> **Task to carry out**
Of all the lines in the entries below, give again exactly those starting at the line containing "pose B x := lprinc a (c * x)." and ending at the line containing "Lemma colon_ideal_two_sided P", both ends included, and no others.

> **Provided records**
(* Let $R$ be a principal ideal domain and let $Ra$ be a left ideal of $R$ that is not a two-sided ideal. Then $Ra$ is weakly prime if and only if $a$ has no non-unit invariant factor. Equivalently, $Ra$ is weakly prime if and only if $Ra$ is not contained in any proper two-sided ideal of $R$.
   Context: A principal ideal domain (PID) is a (not necessarily commutative) domain in which every left ideal and every right ideal is principal. A left ideal $\mathfrak{p}$ is weakly prime if $\mathfrak{p}\neq R$ and, for left ideals $A,B$, $AB\subseteq\mathfrak{p}$ and $\mathfrak{p}B\subseteq\mathfrak{p}$ imply $A\subseteq\mathfrak{p}$ or $B\subseteq\mathfrak{p}$. A nonzero $c$ is invariant if $Rc=cR$. $c$ is a factor of $a$ if $a=rcs$ for some $r,s\in R$. *)

From HB Require Import structures.
From mathcomp Require Import all_boot all_order all_algebra.
Set Implicit Arguments. Unset Strict Implicit. Unset Printing Implicit Defensive.
Import GRing.Theory.
Local Open Scope ring_scope.

Section Defs.
Variable R : unitRingType.

Definition subset_of (A B : R -> Prop) : Prop := forall x, A x -> B x.

Definition is_left_ideal (I : R -> Prop) : Prop :=
  I 0 /\ (forall x y, I x -> I y -> I (x + y)) /\ (forall r x, I x -> I (r * x)).

Definition is_right_ideal (I : R -> Prop) : Prop :=
  I 0 /\ (forall x y, I x -> I y -> I (x + y)) /\ (forall r x, I x -> I (x * r)).

Definition is_two_sided_ideal (I : R -> Prop) : Prop :=
  is_left_ideal I /\ is_right_ideal I.

Definition lprinc (a : R) : R -> Prop := fun x => exists r, x = r * a.
Definition rprinc (a : R) : R -> Prop := fun x => exists r, x = a * r.

Definition is_domain : Prop := forall x y : R, x * y = 0 -> x = 0 \/ y = 0.

Definition is_PID : Prop :=
  is_domain /\
  (forall I, is_left_ideal I -> exists a, forall x, I x <-> lprinc a x) /\
  (forall I, is_right_ideal I -> exists a, forall x, I x <-> rprinc a x).

Definition prod_ideal (A B : R -> Prop) : R -> Prop :=
  fun x => exists s : seq (R * R),
    (forall p, p \in s -> A p.1 /\ B p.2) /\ x = \sum_(p <- s) (p.1 * p.2).

Definition proper_set (I : R -> Prop) : Prop := exists x, ~ I x.

Definition weakly_prime (P : R -> Prop) : Prop :=
  is_left_ideal P /\ proper_set P /\
  forall A B, is_left_ideal A -> is_left_ideal B ->
    subset_of (prod_ideal A B) P -> subset_of (prod_ideal P B) P ->
    subset_of A P \/ subset_of B P.

Definition invariant_elt (c : R) : Prop :=
  c <> 0 /\ forall x, lprinc c x <-> rprinc c x.

Definition factor_of (c a : R) : Prop := exists r s, a = r * c * s.

End Defs.

(* Write P := R a, which is not two-sided, so a <> 0.
   If c is a non-unit invariant factor of a then R c is a proper two-sided
   ideal containing P; conversely a proper two-sided ideal I above P is
   R c = d R, comparing generators gives c = w d with w a unit, so
   R d = I = d R and d is a non-unit invariant factor of a.
   A non-unit invariant factor c of a, say a = b c = c b', refutes weak
   primality with A := R c and B := {x | c x in P}: A B and P B lie in P,
   A in P would make P two-sided, and B in P would make c a unit.
   Conversely, if P B lies in P then {y | y R B in P} is a two-sided ideal
   containing P; when no proper two-sided ideal contains P it contains 1,
   so B lies in P. *)

From mathcomp Require Import all_boot all_order all_algebra.
From Stdlib Require Import Classical.
Import GRing.Theory.
Local Open Scope ring_scope.

Section WeaklyPrimeLeftIdeals.
Context {R : unitRingType}.
Implicit Types (a x : R) (I J P B : R -> Prop).

Definition has_nonunit_invariant_factor a : Prop :=
  exists c, invariant_elt c /\ ~ (c \is a GRing.unit) /\ factor_of c a.

Definition in_proper_two_sided_ideal J : Prop :=
  exists I, is_two_sided_ideal I /\ proper_set I /\ subset_of J I.

Lemma lprinc_left_ideal a : is_left_ideal (lprinc a).
Proof.
split; first by exists 0; rewrite mul0r.
split; first by move=> _ _ [r ->] [s ->]; exists (r + s); rewrite mulrDl.
by move=> r _ [s ->]; exists (r * s); rewrite mulrA.
Qed.

Lemma left_ideal_full {I} x : is_left_ideal I -> I 1 -> I x.
Proof. by move=> [_ [_ IM]] I1; rewrite -[x]mulr1; apply: IM. Qed.

Lemma left_ideal_full_two_sided I :
  is_left_ideal I -> I 1 -> is_two_sided_ideal I.
Proof.
move=> IL I1; split=> //; split; first exact: IL.1.
by split; [exact: IL.2.1 | move=> r x _; apply: left_ideal_full].
Qed.

Lemma lprinc_not_two_sided_neq0 {a} : ~ is_two_sided_ideal (lprinc a) -> a <> 0.
Proof.
move=> nts a0; apply: nts; have PL := lprinc_left_ideal a.
split=> //; split; first exact: PL.1; split; first exact: PL.2.1.
by move=> r _ [s ->]; exists 0; rewrite a0 !mulr0 mul0r.
Qed.

Lemma lprinc_proper a : ~ is_two_sided_ideal (lprinc a) -> proper_set (lprinc a).
Proof.
move=> nts; exists 1 => P1; apply: nts.
exact: left_ideal_full_two_sided (lprinc_left_ideal a) P1.
Qed.

Lemma prod_ideal_sub (A : R -> Prop) B P : is_left_ideal P ->
  (forall x y, A x -> B y -> P (x * y)) -> subset_of (prod_ideal A B) P.
Proof.
move=> [P0 [PD _]] PAB _ [s [sAB ->]]; elim: s sAB => [|q s IHs] sAB.
  by rewrite big_nil.
rewrite big_cons; apply: PD; first by have [] := sAB q (mem_head q s); apply: PAB.
by apply: IHs => p ps; apply: sAB; rewrite inE ps orbT.
Qed.

Section Invariant.
Context {c : R} (c_inv : invariant_elt c).

Lemma invariant_mulr r : exists u, c * r = u * c.
Proof. by apply/c_inv.2; exists r. Qed.

Lemma invariant_mull r : exists u, r * c = c * u.
Proof. by apply/c_inv.2; exists r. Qed.

Lemma invariant_lprinc_two_sided : is_two_sided_ideal (lprinc c).
Proof.
split; first exact: lprinc_left_ideal.
split; first exact: (lprinc_left_ideal c).1.
split; first exact: (lprinc_left_ideal c).2.1.
move=> r _ [t ->]; have [u cr] := invariant_mulr r.
by exists (t * u); rewrite -mulrA cr mulrA.
Qed.

Lemma invariant_lprinc1_unit : lprinc c 1 -> c \is a GRing.unit.
Proof.
move=> [u uc]; have [v cv] : rprinc c 1 by apply/c_inv.2; exists u.
apply/unitrP; exists u; split=> //.
suff -> : u = v by [].
by rewrite -[u]mulr1 cv mulrA -uc mul1r.
Qed.

Lemma invariant_factor_lprinc {a : R} : factor_of c a -> lprinc c a.
Proof.
move=> [r [s ->]]; have [t cs] := invariant_mulr s.
by exists (r * t); rewrite -mulrA cs mulrA.
Qed.

End Invariant.

Section Domain.
Hypothesis R_domain : is_domain R.

Lemma domain_mulIf {c x y : R} : c <> 0 -> x * c = y * c -> x = y.
Proof.
move=> c0 e; have : (x - y) * c = 0 by rewrite mulrBl e subrr.
by case/R_domain => // /eqP; rewrite subr_eq0 => /eqP.
Qed.

Lemma domain_mul_eq1C {x y : R} : x * y = 1 -> y * x = 1.
Proof.
move=> xy; have y0 : y <> 0.
  by move=> y0; move: xy; rewrite y0 mulr0 => /eqP; rewrite eq_sym oner_eq0.
by apply: (domain_mulIf y0); rewrite -mulrA xy mulr1 mul1r.
Qed.

Lemma domain_mul_eq1_unitl {x y : R} : x * y = 1 -> x \is a GRing.unit.
Proof.
by move=> xy; apply/unitrP; exists y; split=> //; apply: domain_mul_eq1C.
Qed.

End Domain.

Lemma nonunit_invariant_factor_in_proper_ideal a :
  has_nonunit_invariant_factor a -> in_proper_two_sided_ideal (lprinc a).
Proof.
move=> [c [c_inv [c_nunit ca]]]; exists (lprinc c).
split; first exact: invariant_lprinc_two_sided.
split; first by exists 1 => /(invariant_lprinc1_unit c_inv).
have [r ->] := invariant_factor_lprinc c_inv ca.
by move=> _ [s ->]; exists (s * r); rewrite mulrA.
Qed.

Lemma PID_two_sided_ideal_invariant {I} {x0 : R} :
  is_PID R -> is_two_sided_ideal I -> I x0 -> x0 <> 0 ->
  exists d, invariant_elt d /\ forall x, I x <-> lprinc d x.
Proof.
move=> [dom [lPID rPID]] [IL IR] Ix0 x00.
have [c Ic] := lPID I IL; have [d Id] := rPID I IR.
have c0 : c <> 0 by move=> c0; have [r] := (Ic x0).1 Ix0; rewrite c0 mulr0.
have [u cdu] : rprinc d c by apply/Id/Ic; exists 1; rewrite mul1r.
have [v dvc] : lprinc c d by apply/Ic/Id; exists 1; rewrite mulr1.
have [w cuw] : lprinc c (c * u).
  by apply/Ic; apply: IR.2.2; apply/Ic; exists 1; rewrite mul1r.
have vw1 : v * w = 1.
  by apply: (domain_mulIf dom c0); rewrite mul1r -mulrA -cuw mulrA -dvc -cdu.
have cwd : c = w * d by rewrite dvc mulrA (domain_mul_eq1C dom vw1) mul1r.
have I_lprinc_d x : I x <-> lprinc d x.
  split; first by move/Ic=> [r ->]; exists (r * w); rewrite -mulrA -cwd.
  by move=> [r ->]; apply: IL.2.2; apply/Id; exists 1; rewrite mulr1.
exists d; split=> //; split; first by move=> d0; apply: c0; rewrite cwd d0 mulr0.
by move=> x; rewrite -I_lprinc_d Id.
Qed.

Lemma in_proper_ideal_nonunit_invariant_factor a : is_PID R -> a <> 0 ->
  in_proper_two_sided_ideal (lprinc a) -> has_nonunit_invariant_factor a.
Proof.
move=> PID a0 [I [Its [[x0 nIx0] aI]]].
have Ia : I a by apply: aI; exists 1; rewrite mul1r.
have [d [d_inv Id]] := PID_two_sided_ideal_invariant PID Its Ia a0.
exists d; split=> //; split.
  move=> d_unit; apply/nIx0/(left_ideal_full _ Its.1)/Id.
  by exists d^-1; rewrite mulVr.
by have [r ->] := (Id a).1 Ia; exists r, 1; rewrite mulr1.
Qed.

Lemma nonunit_invariant_factor_not_weakly_prime a : is_domain R ->
  ~ is_two_sided_ideal (lprinc a) -> has_nonunit_invariant_factor a ->
  ~ weakly_prime (lprinc a).
Proof.
move=> dom nts [c [c_inv [c_nunit ca]]] [_ [_ wp]].
have a0 := lprinc_not_two_sided_neq0 nts.
have [b abc] := invariant_factor_lprinc c_inv ca.
have [b' acb'] := invariant_mull c_inv b; rewrite -abc in acb'.
have PL := lprinc_left_ideal a.
pose B x := lprinc a (c * x).
have BL : is_left_ideal B.
  split; first by rewrite /B mulr0; exact: PL.1.
  split; first by move=> x y Bx By; rewrite /B mulrDr; apply: PL.2.1.
  move=> r x Bx; have [u cr] := invariant_mulr c_inv r.
  by rewrite /B mulrA cr -mulrA; apply: PL.2.2.
have AB_P : subset_of (prod_ideal (lprinc c) B) (lprinc a).
  apply: prod_ideal_sub => // _ y [u ->] By.
  by rewrite -mulrA; apply: PL.2.2.
have PB_P : subset_of (prod_ideal (lprinc a) B) (lprinc a).
  apply: prod_ideal_sub => // _ y [u ->] By.
  by rewrite -mulrA [in a * y]abc -!mulrA mulrA; apply: PL.2.2.
case: (wp _ _ (lprinc_left_ideal c) BL AB_P PB_P) => [A_P | B_P].
  have [u cua] := A_P c (ex_intro _ 1 (esym (mul1r c))).
  apply: nts; split=> //; split; first exact: PL.1; split; first exact: PL.2.1.
  move=> y _ [q ->]; have [v cy] := invariant_mulr c_inv y.
  by exists (q * b * v * u); rewrite -mulrA [in a * y]abc -mulrA cy cua !mulrA.
have [u b'ua] : lprinc a b'.
  by apply: B_P; rewrite /B -acb'; exists 1; rewrite mul1r.
apply/c_nunit/(domain_mul_eq1_unitl dom (y := u))/(domain_mulIf dom a0).
by rewrite mul1r -mulrA -b'ua -acb'.
Qed.

Definition colon_ideal P B : R -> Prop :=
  fun y => forall r z, B z -> P (y * r * z).

Lemma colon_ideal_two_sided P B :
  is_left_ideal P -> is_two_sided_ideal (colon_ideal P B).
Proof.
move=> [P0 [PD PM]]; have C0 : colon_ideal P B 0 by move=> r z _; rewrite !mul0r.
have CD x y : colon_ideal P B x -> colon_ideal P B y -> colon_ideal P B (x + y).
  by move=> Cx Cy r z Bz; rewrite !mulrDl; apply: PD; [apply: Cx | apply: Cy].
split; split=> //; split=> // r x Cx s z Bz.
  by rewrite -!mulrA; apply: PM; rewrite !mulrA; apply: Cx.
by rewrite -(mulrA x); apply: Cx.
Qed.

Lemma colon_ideal_sup P B : is_left_ideal B ->
  subset_of (prod_ideal P B) P -> subset_of P (colon_ideal P B).
Proof.
move=> BL PB_P y Py r z Bz; apply: PB_P; exists [:: (y, r * z)]; split.
  by move=> q; rewrite inE => /eqP -> /=; split=> //; apply: BL.2.2.
by rewrite big_seq1 /= mulrA.
Qed.

Lemma not_in_proper_ideal_weakly_prime a : ~ is_two_sided_ideal (lprinc a) ->
  ~ in_proper_two_sided_ideal (lprinc a) -> weakly_prime (lprinc a).
Proof.
move=> nts nproper; have PL := lprinc_left_ideal a.
split=> //; split; first exact: lprinc_proper.
move=> A B _ BL _ PB_P; right.
have [C1 | nC1] := classic (colon_ideal (lprinc a) B 1).
  by move=> z Bz; have := C1 1 z Bz; rewrite !mul1r.
case: nproper; exists (colon_ideal (lprinc a) B).
split; first exact: colon_ideal_two_sided.
by split; [exists 1 | apply: colon_ideal_sup].
Qed.

End WeaklyPrimeLeftIdeals.

Theorem proposition3p17 (R : unitRingType) (a : R) :
  is_PID R ->
  ~ is_two_sided_ideal (lprinc a) ->
  (weakly_prime (lprinc a) <->
     ~ (exists c : R, invariant_elt c /\ ~ (c \is a GRing.unit) /\ factor_of c a)) /\
  (weakly_prime (lprinc a) <->
     ~ (exists I : R -> Prop, is_two_sided_ideal I /\ proper_set I /\
          subset_of (lprinc a) I)).
Proof.
move=> PID nts.
have a0 := lprinc_not_two_sided_neq0 nts.
have FC := nonunit_invariant_factor_in_proper_ideal a.
have CF := in_proper_ideal_nonunit_invariant_factor a PID a0.
have FnW := nonunit_invariant_factor_not_weakly_prime a PID.1 nts.
have nCW := not_in_proper_ideal_weakly_prime a nts.
change ((weakly_prime (lprinc a) <-> ~ has_nonunit_invariant_factor a) /\
        (weakly_prime (lprinc a) <-> ~ in_proper_two_sided_ideal (lprinc a))).
tauto.
Qed.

> **Task output**
pose B x := lprinc a (c * x).
have BL : is_left_ideal B.
  split; first by rewrite /B mulr0; exact: PL.1.
  split; first by move=> x y Bx By; rewrite /B mulrDr; apply: PL.2.1.
  move=> r x Bx; have [u cr] := invariant_mulr c_inv r.
  by rewrite /B mulrA cr -mulrA; apply: PL.2.2.
have AB_P : subset_of (prod_ideal (lprinc c) B) (lprinc a).
  apply: prod_ideal_sub => // _ y [u ->] By.
  by rewrite -mulrA; apply: PL.2.2.
have PB_P : subset_of (prod_ideal (lprinc a) B) (lprinc a).
  apply: prod_ideal_sub => // _ y [u ->] By.
  by rewrite -mulrA [in a * y]abc -!mulrA mulrA; apply: PL.2.2.
case: (wp _ _ (lprinc_left_ideal c) BL AB_P PB_P) => [A_P | B_P].
  have [u cua] := A_P c (ex_intro _ 1 (esym (mul1r c))).
  apply: nts; split=> //; split; first exact: PL.1; split; first exact: PL.2.1.
  move=> y _ [q ->]; have [v cy] := invariant_mulr c_inv y.
  by exists (q * b * v * u); rewrite -mulrA [in a * y]abc -mulrA cy cua !mulrA.
have [u b'ua] : lprinc a b'.
  by apply: B_P; rewrite /B -acb'; exists 1; rewrite mul1r.
apply/c_nunit/(domain_mul_eq1_unitl dom (y := u))/(domain_mulIf dom a0).
by rewrite mul1r -mulrA -b'ua -acb'.
Qed.

Definition colon_ideal P B : R -> Prop :=
  fun y => forall r z, B z -> P (y * r * z).

Lemma colon_ideal_two_sided P B :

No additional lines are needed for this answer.